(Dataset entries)
* * * * * * *

Lemma clamp_lipschitz a b y z : a <= b -> `|clamp a b y - clamp a b z| <= `|y - z|.
Proof.
move=> ab; rewrite /clamp.
case: (ltrP y a) => ya; case: (ltrP z a) => za;
  try case: (ltrP b y) => yb; try case: (ltrP b z) => zb;
  rewrite ?subrr ?normr0 ?normr_ge0 //;
  rewrite !ler_norml; (apply/andP; split); try lra;
  have := ler_norm (y - z); have := ler_norm (z - y); rewrite distrC; lra.
Qed.

Lemma lipschitz_continuous (f : R -> R) L :
  (forall y z, `|f y - f z| <= L * `|y - z|) -> continuous f.
Proof.
move=> fL x; apply/cvgrPdist_le => e e0.
have L1 : 0 < `|L| + 1 by rewrite ltr_pwDr.
have d0 : 0 < e / (`|L| + 1) by rewrite divr_gt0.
near=> t.
have : ball x (e / (`|L| + 1)) t by near: t; exact: (near_ball x (e / (`|L| + 1)) d0).
rewrite -ball_normE /= ltr_pdivlMr // => xt.
have := fL x t; have := ler_norm L; have := normr_ge0 (x - t); nra.
Unshelve. all: by end_near. Qed.

Lemma measurable_clamp a b : a <= b -> measurable_fun [set: R] (clamp a b).
Proof.
move=> ab; apply: continuous_measurable_fun.
by apply: (@lipschitz_continuous _ 1) => y z; rewrite mul1r clamp_lipschitz.
Qed.

End clamp.

Lemma normr_itv_le (R : realType) (a b x : R) : a <= x <= b -> `|x| <= `|a| + `|b|.
Proof.
case/andP=> ax xb; rewrite ler_norml.
have := ler_norm a; have := ler_norm (- a); have := ler_norm b; rewrite normrN.
by have := normr_ge0 a; have := normr_ge0 b => *; apply/andP; split; lra.
Qed.

Lemma bounded_on_le (R : realType) (T : Type) (A : set T) (f : T -> R) (M : R) :
  (forall t, A t -> `|f t| <= M) -> [bounded f t | t in A].
Proof.
move=> fM; rewrite /bounded_near; near=> M' => t At /=.
by apply: le_trans (fM t At) _; near: M'; apply: nbhs_pinfty_ge; rewrite num_real.
Unshelve. all: by end_near. Qed.
(* Generalized over a prefix [pre] and an extra weight [d] on the first curve, which
   is what the induction on [w] needs. *)
Lemma blowups_to_chain_wahl w pre d c0 :
  blowups_to_chain c0 (pre ++ neg_weights_hd d (delta_half_chain (wahl_chain w))) ->
  blowups_to_chain c0 (pre ++ neg_weights_hd d (wahl_chain w ++ 1%N ::
     rev (drop (delta_pos (wahl_chain w)).2.+1 (dual_wahl_chain w)))).
Proof.
elim: w pre d => [|o w IH] pre d.
  move/blowups_to_chain_end.
  by congr (blowups_to_chain _ (_ ++ [:: _; _])); rewrite /=; lia.
have [ge2 dots sz_dual delta_le] := wahl_chain_invariants w.
have hs := size_wahl_chain_gt0 w.
case: o.
- have [Ej Eh] := delta_wahl_step_true ge2 dots.
  rewrite wahl_chain_cons Eh neg_weights_hd_incr_head => /IH.
  rewrite Ej dual_wahl_chain_cons /= drop_incr_last rev_incr_last.
  case: (rev _) => [|y A]; rewrite -incr_head_cat ?size_rcons // cat_rcons
    neg_weights_hd_incr_head !neg_weights_hd_cat //= !catA.
  + by move/blowups_to_chain_end; congr (blowups_to_chain _ (_ ++ [:: _; _])); lia.
  + move/blowups_to_chain_edge.
    by congr (blowups_to_chain _ (_ ++ [:: _, _, _ & _])); lia.
- have [Ej Eh] := delta_wahl_step_false ge2 dots.
  rewrite wahl_chain_cons Eh [neg_weights_hd _ (_ :: _)]/= -cat_rcons -neg_weights_hd0.
  move=> /IH.
  rewrite Ej dual_wahl_chain_cons drop_incr_head drop_rcons ?rev_rcons; last lia.
  rewrite neg_weights_hd0 /wahl_step /=.
  case/lastP: (wahl_chain w) hs => [//|bt x] _.
  rewrite incr_last_rcons /neg_weights !map_cat !map_rcons -!cats1 -!catA /=.
  rewrite -!cat_cons !catA.
  by move/blowups_to_chain_edge; congr (blowups_to_chain _ (_ ++ [:: _, _, _ & _])); lia.
Qed.

Lemma delta_half_chain_blowups_wahl w :
  exists c : config,
    blowups (chain_config (neg_weights (delta_half_chain (wahl_chain w)))) c /\
    is_linear_chain c (neg_weights (wahl_chain w) ++ (-1)%R ::
      neg_weights (rev (drop (delta_pos (wahl_chain w)).2.+1 (dual_wahl_chain w)))).
Proof.
have [|c [s [hb /chain_labelled_linear hc]]] := @blowups_to_chain_wahl w [::] 0
  (chain_config (neg_weights (delta_half_chain (wahl_chain w)))).
  rewrite neg_weights_hd0; do 2 eexists.
  by split; [exact: BL_refl|exact: chain_config_labelled].
by exists c; split=> //; move: hc; rewrite neg_weights_hd0 /neg_weights map_cat.
Qed.

Lemma wahl_chains_of_cf p q bs as_ :
  coprime p q -> 0 < q < p ->
  entries_ge2 bs -> cf_val bs = ((p ^ 2)%:R / (p * q - 1)%:R)%R ->
  entries_ge2 as_ -> cf_val as_ = ((p ^ 2)%:R / (p ^ 2 - p * q + 1)%:R)%R ->
  exists w, bs = wahl_chain w /\ as_ = dual_wahl_chain w.
Proof.
move=> hc hqp hbs Ebs has Eas; have [w [eb ea]] := wahl_chain_mx hc hqp.
have [ge2 _ sz_dual _] := wahl_chain_invariants w.
exists w; split; apply: cf_val_eq_cf_mx;
  rewrite ?dual_wahl_chain_ge2 ?size_wahl_chain_gt0 ?sz_dual //.
- by rewrite Ebs eb; apply/esym/intr_div_nat => /=; nia.
- by rewrite Eas ea; apply/esym/intr_div_nat => /=; nia.
Qed.

Theorem corollary3p13 (p q : nat) (bs as_ : seq nat) :
  coprime p q -> 1 <= q -> q < p ->
  all (fun b => 2 <= b) bs ->
  cf_val bs = ((p ^ 2)%:R / (p * q - 1)%:R)%R ->
  all (fun a => 2 <= a) as_ ->
  cf_val as_ = ((p ^ 2)%:R / (p ^ 2 - p * q + 1)%:R)%R ->
  let j := (delta_pos bs).2 in
  exists c : config,
    blowups (chain_config (neg_weights (delta_half_chain bs))) c /\
    is_linear_chain c
      (neg_weights bs ++ (-1)%R :: neg_weights (rev (drop j.+1 as_))).
Proof.
move=> hc hq hqp hbs Ebs has Eas.
have [w [-> ->]] := wahl_chains_of_cf hc (introT andP (conj hq hqp)) hbs Ebs has Eas.
exact: delta_half_chain_blowups_wahl.
Qed.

* * * * * * *

The task → Reproduce every line of the data without changing a word.

Answer below →
Lemma clamp_lipschitz a b y z : a <= b -> `|clamp a b y - clamp a b z| <= `|y - z|.
Proof.
move=> ab; rewrite /clamp.
case: (ltrP y a) => ya; case: (ltrP z a) => za;
  try case: (ltrP b y) => yb; try case: (ltrP b z) => zb;
  rewrite ?subrr ?normr0 ?normr_ge0 //;
  rewrite !ler_norml; (apply/andP; split); try lra;
  have := ler_norm (y - z); have := ler_norm (z - y); rewrite distrC; lra.
Qed.

Lemma lipschitz_continuous (f : R -> R) L :
  (forall y z, `|f y - f z| <= L * `|y - z|) -> continuous f.
Proof.
move=> fL x; apply/cvgrPdist_le => e e0.
have L1 : 0 < `|L| + 1 by rewrite ltr_pwDr.
have d0 : 0 < e / (`|L| + 1) by rewrite divr_gt0.
near=> t.
have : ball x (e / (`|L| + 1)) t by near: t; exact: (near_ball x (e / (`|L| + 1)) d0).
rewrite -ball_normE /= ltr_pdivlMr // => xt.
have := fL x t; have := ler_norm L; have := normr_ge0 (x - t); nra.
Unshelve. all: by end_near. Qed.

Lemma measurable_clamp a b : a <= b -> measurable_fun [set: R] (clamp a b).
Proof.
move=> ab; apply: continuous_measurable_fun.
by apply: (@lipschitz_continuous _ 1) => y z; rewrite mul1r clamp_lipschitz.
Qed.

End clamp.

Lemma normr_itv_le (R : realType) (a b x : R) : a <= x <= b -> `|x| <= `|a| + `|b|.
Proof.
case/andP=> ax xb; rewrite ler_norml.
have := ler_norm a; have := ler_norm (- a); have := ler_norm b; rewrite normrN.
by have := normr_ge0 a; have := normr_ge0 b => *; apply/andP; split; lra.
Qed.

Lemma bounded_on_le (R : realType) (T : Type) (A : set T) (f : T -> R) (M : R) :
  (forall t, A t -> `|f t| <= M) -> [bounded f t | t in A].
Proof.
move=> fM; rewrite /bounded_near; near=> M' => t At /=.
by apply: le_trans (fM t At) _; near: M'; apply: nbhs_pinfty_ge; rewrite num_real.
Unshelve. all: by end_near. Qed.
(* Generalized over a prefix [pre] and an extra weight [d] on the first curve, which
   is what the induction on [w] needs. *)
Lemma blowups_to_chain_wahl w pre d c0 :
  blowups_to_chain c0 (pre ++ neg_weights_hd d (delta_half_chain (wahl_chain w))) ->
  blowups_to_chain c0 (pre ++ neg_weights_hd d (wahl_chain w ++ 1%N ::
     rev (drop (delta_pos (wahl_chain w)).2.+1 (dual_wahl_chain w)))).
Proof.
elim: w pre d => [|o w IH] pre d.
  move/blowups_to_chain_end.
  by congr (blowups_to_chain _ (_ ++ [:: _; _])); rewrite /=; lia.
have [ge2 dots sz_dual delta_le] := wahl_chain_invariants w.
have hs := size_wahl_chain_gt0 w.
case: o.
- have [Ej Eh] := delta_wahl_step_true ge2 dots.
  rewrite wahl_chain_cons Eh neg_weights_hd_incr_head => /IH.
  rewrite Ej dual_wahl_chain_cons /= drop_incr_last rev_incr_last.
  case: (rev _) => [|y A]; rewrite -incr_head_cat ?size_rcons // cat_rcons
    neg_weights_hd_incr_head !neg_weights_hd_cat //= !catA.
  + by move/blowups_to_chain_end; congr (blowups_to_chain _ (_ ++ [:: _; _])); lia.
  + move/blowups_to_chain_edge.
    by congr (blowups_to_chain _ (_ ++ [:: _, _, _ & _])); lia.
- have [Ej Eh] := delta_wahl_step_false ge2 dots.
  rewrite wahl_chain_cons Eh [neg_weights_hd _ (_ :: _)]/= -cat_rcons -neg_weights_hd0.
  move=> /IH.
  rewrite Ej dual_wahl_chain_cons drop_incr_head drop_rcons ?rev_rcons; last lia.
  rewrite neg_weights_hd0 /wahl_step /=.
  case/lastP: (wahl_chain w) hs => [//|bt x] _.
  rewrite incr_last_rcons /neg_weights !map_cat !map_rcons -!cats1 -!catA /=.
  rewrite -!cat_cons !catA.
  by move/blowups_to_chain_edge; congr (blowups_to_chain _ (_ ++ [:: _, _, _ & _])); lia.
Qed.

Lemma delta_half_chain_blowups_wahl w :
  exists c : config,
    blowups (chain_config (neg_weights (delta_half_chain (wahl_chain w)))) c /\
    is_linear_chain c (neg_weights (wahl_chain w) ++ (-1)%R ::
      neg_weights (rev (drop (delta_pos (wahl_chain w)).2.+1 (dual_wahl_chain w)))).
Proof.
have [|c [s [hb /chain_labelled_linear hc]]] := @blowups_to_chain_wahl w [::] 0
  (chain_config (neg_weights (delta_half_chain (wahl_chain w)))).
  rewrite neg_weights_hd0; do 2 eexists.
  by split; [exact: BL_refl|exact: chain_config_labelled].
by exists c; split=> //; move: hc; rewrite neg_weights_hd0 /neg_weights map_cat.
Qed.

Lemma wahl_chains_of_cf p q bs as_ :
  coprime p q -> 0 < q < p ->
  entries_ge2 bs -> cf_val bs = ((p ^ 2)%:R / (p * q - 1)%:R)%R ->
  entries_ge2 as_ -> cf_val as_ = ((p ^ 2)%:R / (p ^ 2 - p * q + 1)%:R)%R ->
  exists w, bs = wahl_chain w /\ as_ = dual_wahl_chain w.
Proof.
move=> hc hqp hbs Ebs has Eas; have [w [eb ea]] := wahl_chain_mx hc hqp.
have [ge2 _ sz_dual _] := wahl_chain_invariants w.
exists w; split; apply: cf_val_eq_cf_mx;
  rewrite ?dual_wahl_chain_ge2 ?size_wahl_chain_gt0 ?sz_dual //.
- by rewrite Ebs eb; apply/esym/intr_div_nat => /=; nia.
- by rewrite Eas ea; apply/esym/intr_div_nat => /=; nia.
Qed.

Theorem corollary3p13 (p q : nat) (bs as_ : seq nat) :
  coprime p q -> 1 <= q -> q < p ->
  all (fun b => 2 <= b) bs ->
  cf_val bs = ((p ^ 2)%:R / (p * q - 1)%:R)%R ->
  all (fun a => 2 <= a) as_ ->
  cf_val as_ = ((p ^ 2)%:R / (p ^ 2 - p * q + 1)%:R)%R ->
  let j := (delta_pos bs).2 in
  exists c : config,
    blowups (chain_config (neg_weights (delta_half_chain bs))) c /\
    is_linear_chain c
      (neg_weights bs ++ (-1)%R :: neg_weights (rev (drop j.+1 as_))).
Proof.
move=> hc hq hqp hbs Ebs has Eas.
have [w [-> ->]] := wahl_chains_of_cf hc (introT andP (conj hq hqp)) hbs Ebs has Eas.
exact: delta_half_chain_blowups_wahl.
Qed.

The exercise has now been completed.